If anyone on here hasn't read it, DO IT, because the first half will teach you why you want Subversion rather than CVS or some other alternative, and how to use it and how to get the most out of it (second half is lower level stuff you may not care about). It even includes best practices. Once you really learn how to use Subversion, you won't want to use anything else. And this is the way to get started.
Re:performance not the biggest problem (Score:3, Informative)
What if the merges are done by someone who isn't familiar with all the code changes and the expected associated application behaviors? What if there are dozens or even hundreds of code changes in a branch being merged to trunk? What if your QA work is being done by people who are not developers and who have no involvement in the merge process?
These are not just hypothetical issues. I work on a team which espouses the agile methodology, and many times we've missed bug fixes in merges because of the way Subversion treats moves (copy + delete instead of truly changing the parent directory of a given file), or because Subversion's merge facility got confused (especially when changes were made both to the branch and trunk versions of a file).
Recently, I was put in charge of merging a branch to the trunk for my team's project, and discovered that some methods were duplicated because one of our programmers had deleted the original version of a given method, then pasted in a completely different implementation into a different location in the same source file. It was easy enough to catch this with Java classes (since they won't compile correctly if you have two instances of the same method signature in the same class), but JavaScript was a slightly different story...
Developers will not do these workarounds (Score:4, Informative)
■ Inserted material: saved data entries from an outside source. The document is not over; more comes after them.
(* Let $m \ge 2$ be an integer, and let $k_m$ be a number with the following property: for every integer $k \ge k_m$ and every admissible $k$-tuple $\{g_jx + h_j\}_{j=1}^k$ of linear forms in $\mathbb{Z}[x]$ with $g_1,\ldots,g_k > 0$ and $\prod_{1 \le i < j \le k}(g_ih_j - g_jh_i) \ne 0$, the set $\{g_jn + h_j\}_{j=1}^k$ contains at least $m$ primes for infinitely many $n \in \mathbb{N}$. Let $k \ge k_m$ be an integer. Let $b_1,\ldots,b_k$ be distinct integers such that the $k$-tuple $\{x + b_j\}_{j=1}^k$ is admissible, and let $g$ be any positive integer coprime with $b_1 b_2\cdots b_k$. Then there is a subset $\{h_1,\ldots,h_m\} \subseteq \{b_1,\ldots,b_k\}$ (with $m$ elements) such that for infinitely many $n \in \mathbb{N}$, the numbers $gn + h_1,\ldots,gn + h_m$ are consecutive primes (i.e., they are all prime and, listed in increasing order, no other prime lies between any two of them).
   Context: A $k$-tuple of linear forms $\{g_jx + h_j\}_{j=1}^k$ in $\mathbb{Z}[x]$ is called admissible if the polynomial $f(x) = \prod_{j=1}^k (g_jx + h_j)$ has no fixed prime divisor, i.e. for every prime $p$, $\#\{n \bmod p : f(n) \equiv 0 \bmod p\} < p$. (By the Maynard–Tao theorem, a number $k_m$ with the stated property exists for every $m \ge 2$; e.g. any $k_m$ with $k_m \log k_m > e^{8m+4}$ works.) *)

From mathcomp Require Import all_boot all_order all_algebra.
Set Implicit Arguments. Unset Strict Implicit. Unset Printing Implicit Defensive.
Import Order.TTheory GRing.Theory Num.Theory.
Local Open Scope ring_scope.
(* Let $G$ be a simple graph on $n$ vertices and let $k$ be an integer with $2 \le k \le n-2$. Then the $k$-token graph $F_k(G)$ is regular if and only if one of the following holds: (1) $G$ is isomorphic to the complete graph $K_n$; (2) $G$ is isomorphic to the empty graph $\overline{K_n}$ (the graph on $n$ vertices with no edges); (3) $G$ is isomorphic to the complete bipartite graph (star) $K_{1,n-1}$ and $k=n/2$; (4) $G$ is isomorphic to the complement $\overline{K_{1,n-1}}$ of the star and $k=n/2$.
   Context: For a simple graph $G=(V,E)$ on $n$ vertices and an integer $1\le k<n$, the $k$-token graph $F_k(G)$ is the graph whose vertices are all $k$-element subsets of $V$, two such subsets $A,B$ being adjacent whenever their symmetric difference $A\triangle B$ is a pair $\{a,b\}$ with $a$ adjacent to $b$ in $G$. *)

(* A simple graph is a symmetric irreflexive relation e on a finType T. *)
From mathcomp Require Import all_boot.
Set Implicit Arguments. Unset Strict Implicit. Unset Printing Implicit Defensive.

Definition token_adj (T : finType) (e : rel T) (k : nat) (A B : {set T}) : bool :=
  [&& #|A| == k, #|B| == k &
   [exists a : T, exists b : T,
      e a b && ((A :\: B) :|: (B :\: A) == [set a; b])]].

Definition token_deg (T : finType) (e : rel T) (k : nat) (A : {set T}) : nat :=
  #|[set B : {set T} | token_adj e k A B]|.

Definition token_regular (T : finType) (e : rel T) (k : nat) : Prop :=
  exists d : nat, forall A : {set T}, #|A| = k -> token_deg e k A = d.

Definition graph_iso (T : finType) (e : rel T) (n : nat) (r : rel 'I_n) : Prop :=
  exists f : T -> 'I_n, bijective f /\ forall x y, e x y = r (f x) (f y).

Definition complete_rel (n : nat) : rel 'I_n := fun i j => i != j.
Definition empty_rel (n : nat) : rel 'I_n := fun _ _ => false.
Definition star_rel (n : nat) : rel 'I_n :=
  fun i j => (i != j) && ((val i == 0) || (val j == 0)).
Definition costar_rel (n : nat) : rel 'I_n :=
  fun i j => (i != j) && ~~ ((val i == 0) || (val j == 0)).
Arguments complete_rel n : clear implicits.
Arguments empty_rel n : clear implicits.
Arguments star_rel n : clear implicits.
Arguments costar_rel n : clear implicits.

From mathcomp Require Import all_boot fingroup perm zify.
Set Implicit Arguments. Unset Strict Implicit. Unset Printing Implicit Defensive.

(* The neighbours of a k-set A in F_k(G) are the sets obtained by exchanging
   some a in A for a neighbour b of a outside A, so deg A is the number of
   edges of G leaving A.  For distinct x, y, z, w outside a (k-2)-set S, the
   cuts c(uv) of S + {u, v} satisfy
     c(xz) + c(yw) + 2 (e(x,z) + e(y,w)) = c(yz) + c(xw) + 2 (e(y,z) + e(x,w)),
   so regularity forces the exchange condition e(x,z) + e(y,w) = e(y,z) + e(x,w)
   on all quadruples of distinct vertices.  If some x, y are distinguished by a
   third vertex, this condition makes x adjacent to and y non-adjacent to every
   other vertex, and then G is a star (centre x) or a co-star (isolated vertex
   y); otherwise all pairs behave alike and G is complete or empty.  Stars and
   co-stars have cuts depending only on whether A contains the centre, and the
   two values agree exactly when n = 2k. *)

Lemma exists_subset_card (T : finType) (D : {set T}) m : m <= #|D| ->
  exists2 A : {set T}, A \subset D & #|A| = m.
Proof.
move=> hm; exists [set x in take m (enum D)].
  by apply/subsetP => x; rewrite inE => /mem_take; rewrite mem_enum.
rewrite cardsE (card_uniqP (take_uniq m (enum_uniq (mem D)))).
by rewrite size_take -cardE; case: ltngtP hm => // ->.
Qed.

Lemma exists_card_set_in (T : finType) (c : T) k : 0 < k <= #|T| ->
  exists2 A : {set T}, c \in A & #|A| = k.
Proof.
case/andP=> k0 kn; have [S Sc hS] : exists2 S : {set T}, S \subset [set~ c] & #|S| = k.-1.
  by apply: exists_subset_card; rewrite cardsC1; lia.
have cS : c \notin S by apply/negP => /(subsetP Sc); rewrite !inE eqxx.
by exists (c |: S); rewrite ?setU11 // cardsU1 cS hS; lia.
Qed.

Lemma exists_card_set_notin (T : finType) (c : T) k : k < #|T| ->
  exists2 A : {set T}, c \notin A & #|A| = k.
Proof.
move=> kn; have [S Sc hS] : exists2 S : {set T}, S \subset [set~ c] & #|S| = k.
  by apply: exists_subset_card; rewrite cardsC1; lia.
by exists S => //; apply/negP => /(subsetP Sc); rewrite !inE eqxx.
Qed.

Section Swap.
Variable T : finType.
Implicit Types (A B : {set T}) (a b : T).

Lemma setD_swapl A a b : a \in A -> b \notin A -> A :\: (b |: (A :\ a)) = [set a].
Proof.
move=> aA bA; apply/setP => x; rewrite !inE.
case: (eqVneq x a) => [->|_] /=; last by case: (x \in A); rewrite ?orbT ?andbF.
by rewrite aA andbT orbF; apply: contraNneq bA => <-.
Qed.

Lemma setD_swapr A a b : b \notin A -> (b |: (A :\ a)) :\: A = [set b].
Proof.
move=> bA; apply/setP => x; rewrite !inE.
by case: (eqVneq x b) => [->|_] /=; [rewrite bA | case: (x \in A); rewrite ?andbF].
Qed.

Lemma card_swap A a b : a \in A -> b \notin A -> #|b |: (A :\ a)| = #|A|.
Proof.
move=> aA bA; rewrite cardsU1 [#|A|](cardsD1 a) aA !inE (negbTE bA) andbF.
by rewrite add1n.
Qed.

Lemma swap_of_setD A B a b : A :\: B = [set a] -> B :\: A = [set b] ->
  B = b |: (A :\ a).
Proof.
move=> /setP HA /setP HB; apply/setP => x; have := HA x; have := HB x; rewrite !inE.
by case: (x \in A); case: (x \in B) => /= <- <-.
Qed.

Lemma swap_symdiff A B a b : #|A| = #|B| ->
  (A :\: B) :|: (B :\: A) = [set a; b] -> a != b ->
  [/\ a \in A, b \notin A & B = b |: (A :\ a)] \/
  [/\ b \in A, a \notin A & B = a |: (A :\ b)].
Proof.
move=> hAB hD ab.
have hI : (A :\: B) :&: (B :\: A) = set0.
  by apply/setP => x; rewrite !inE; case: (x \in A); rewrite ?andbF.
have hX : #|A :\: B| = #|B :\: A| by rewrite !cardsD setIC hAB.
have := cardsUI (A :\: B) (B :\: A); rewrite hI cards0 addn0 hD cards2 ab.
rewrite -hX => hU.
have /cards1P[x hx] : #|A :\: B| == 1 by lia.
have /cards1P[y hy] : #|B :\: A| == 1 by lia.
have xA : x \in A by move: (set11 x); rewrite -hx inE => /andP[].
have yA : y \notin A by move: (set11 y); rewrite -hy inE => /andP[].
have hxy : [set x; y] = [set a; b] by rewrite -hD hx hy.
have /set2P xab : x \in [set a; b] by rewrite -hxy set21.
have /set2P yab : y \in [set a; b] by rewrite -hxy set22.
have := swap_of_setD hx hy.
case: xab yab xA yA => -> [] -> xA yA eB; first [by rewrite xA in yA | by left | by right].
Qed.
End Swap.

Section TokenDegree.
Variables (T : finType) (e : rel T).
Hypotheses (e_sym : symmetric e) (e_irr : irreflexive e).
Implicit Types (A S : {set T}) (u v : T).

Definition cut_edges (A : {set T}) : {set T * T} :=
  [set p | [&& p.1 \in A, p.2 \notin A & e p.1 p.2]].

Lemma token_nbrsE k (A : {set T}) : #|A| = k ->
  [set B | token_adj e k A B] = [set p.2 |: (A :\ p.1) | p in cut_edges A].
Proof.
move=> hA; apply/setP => B; rewrite inE /token_adj hA eqxx /=; apply/idP/imsetP.
- case/andP=> /eqP hB /existsP[a /existsP[b /andP[eab /eqP hD]]].
  have ab : a != b by apply: contraTneq eab => ->; rewrite e_irr.
  have [[aA bA ->]|[bA aA ->]] := swap_symdiff (etrans hA (esym hB)) hD ab.
  + by exists (a, b) => //; rewrite inE /= aA bA eab.
  + by exists (b, a) => //; rewrite inE /= aA bA e_sym eab.
- case=> -[a b]; rewrite inE /= => /and3P[aA bA eab] ->.
  rewrite card_swap // hA eqxx /=; apply/existsP; exists a; apply/existsP; exists b.
  by rewrite eab setD_swapl // setD_swapr ?eqxx.
Qed.

Lemma token_deg_cut k (A : {set T}) : #|A| = k -> token_deg e k A = #|cut_edges A|.
Proof.
move=> hA; rewrite /token_deg token_nbrsE // card_in_imset // => -[a b] [a' b'].
rewrite !inE /= => /and3P[aA bA _] /and3P[a'A b'A _] E.
have := setD_swapl aA bA; rewrite E setD_swapl // => /set1_inj ->.
by have := setD_swapr a bA; rewrite E setD_swapr // => /set1_inj ->.
Qed.

Definition deg_in (S : {set T}) (u : T) : nat := \sum_(v in S) e u v.

Lemma card_cut_edges A : #|cut_edges A| = \sum_(a in A) deg_in (~: A) a.
Proof.
rewrite /deg_in pair_big_dep /= -sum1_card big_mkcond [RHS]big_mkcond /=.
by apply: eq_bigr => -[a b] _; rewrite !inE /=; case: (a \in A); case: (b \in A); case: (e a b).
Qed.

Lemma deg_inU1 S u v : u \notin S -> deg_in (u |: S) v = e v u + deg_in S v.
Proof. by move=> uS; rewrite /deg_in big_setU1. Qed.

Lemma deg_inCU1 S u v : u \notin S -> deg_in (~: S) v = e v u + deg_in (~: (u |: S)) v.
Proof.
move=> uS; rewrite /deg_in (bigD1 u) ?inE //; congr (_ + _).
by apply: eq_bigl => x; rewrite !inE negb_or andbC.
Qed.

Lemma cut_setU1 S u : u \notin S ->
  #|cut_edges (u |: S)| + deg_in S u = #|cut_edges S| + deg_in (~: S) u.
Proof.
move=> uS; rewrite !card_cut_edges big_setU1 //= (deg_inCU1 u uS) e_irr add0n.
rewrite [in RHS](eq_bigr _ (fun a _ => deg_inCU1 a uS)) big_split /=.
have -> : deg_in S u = \sum_(a in S) e a u by apply: eq_bigr => a _; rewrite e_sym.
lia.
Qed.

Lemma cut_setU2 S u v : u != v -> u \notin S -> v \notin S ->
  #|cut_edges (u |: (v |: S))| + 2 * e u v + deg_in S u + deg_in S v =
  #|cut_edges S| + deg_in (~: S) u + deg_in (~: S) v.
Proof.
move=> uv uS vS; have uvS : u \notin v |: S by rewrite !inE negb_or uv.
have := cut_setU1 uvS; have := cut_setU1 vS.
rewrite (deg_inU1 u vS) (deg_inCU1 u vS); lia.
Qed.

Lemma cut_exchange S x y z w :
  x != y -> x != z -> x != w -> y != z -> y != w -> z != w ->
  x \notin S -> y \notin S -> z \notin S -> w \notin S ->
  #|cut_edges (x |: (z |: S))| + #|cut_edges (y |: (w |: S))| + 2 * (e x z + e y w) =
  #|cut_edges (y |: (z |: S))| + #|cut_edges (x |: (w |: S))| + 2 * (e y z + e x w).
Proof.
move=> xy xz xw yz yw zw xS yS zS wS.
have := cut_setU2 xz xS zS; have := cut_setU2 yw yS wS.
have := cut_setU2 yz yS zS; have := cut_setU2 xw xS wS.
clear; lia.
Qed.
End TokenDegree.

Definition star_at (T : finType) (c : T) : rel T :=
  fun a b => (a != b) && ((a == c) || (b == c)).
Definition costar_at (T : finType) (c : T) : rel T :=
  fun a b => (a != b) && ~~ ((a == c) || (b == c)).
Doing so means you have to unzip them to use them. Not very handy. Most users want to use Subversion the way they should be able to use version control- a checkout should give you all of the files you need to work with on a given project, with minimal need to move/install pieces after checkout. Implementing the 'best' suggested workaround would mean needing a script or other way to get the binaries unpacked. Programmers are often annoyed enough by the extra step of *using* version control, now you have to zip any binaries you commit to the repository?
I'm unimpressed by their performance testing methodology... they give shared server and desktop performance numbers, but have no idea what 'else' those machines were doing? Pointless. I'd like more details regarding what they're doing in their testing. Their tests were done with a "directory tree of binary files", but don't say what size or how many files?
My tests on our server show a 28MB binary checkout ( LAN, SPARC server, Pentium M client ) takes ~20 seconds. Export takes ~2sec. That must be a big set of files to cause a 9 minute *export*... several gigs, am I wrong? It'd be nice for them to say. Most of us, even in a worst case, won't have more than a few hundred MB in a single project.
The only *real* solution will be a Subversion configuration option which lets you say "please, use all my disk space, speed is all I care about when it comes to binary files". CollabNet is focused enough on getting big-business support contracts that it shouldn't be long before we see this issue addressed in one manner or another. You -know- they're reading this article!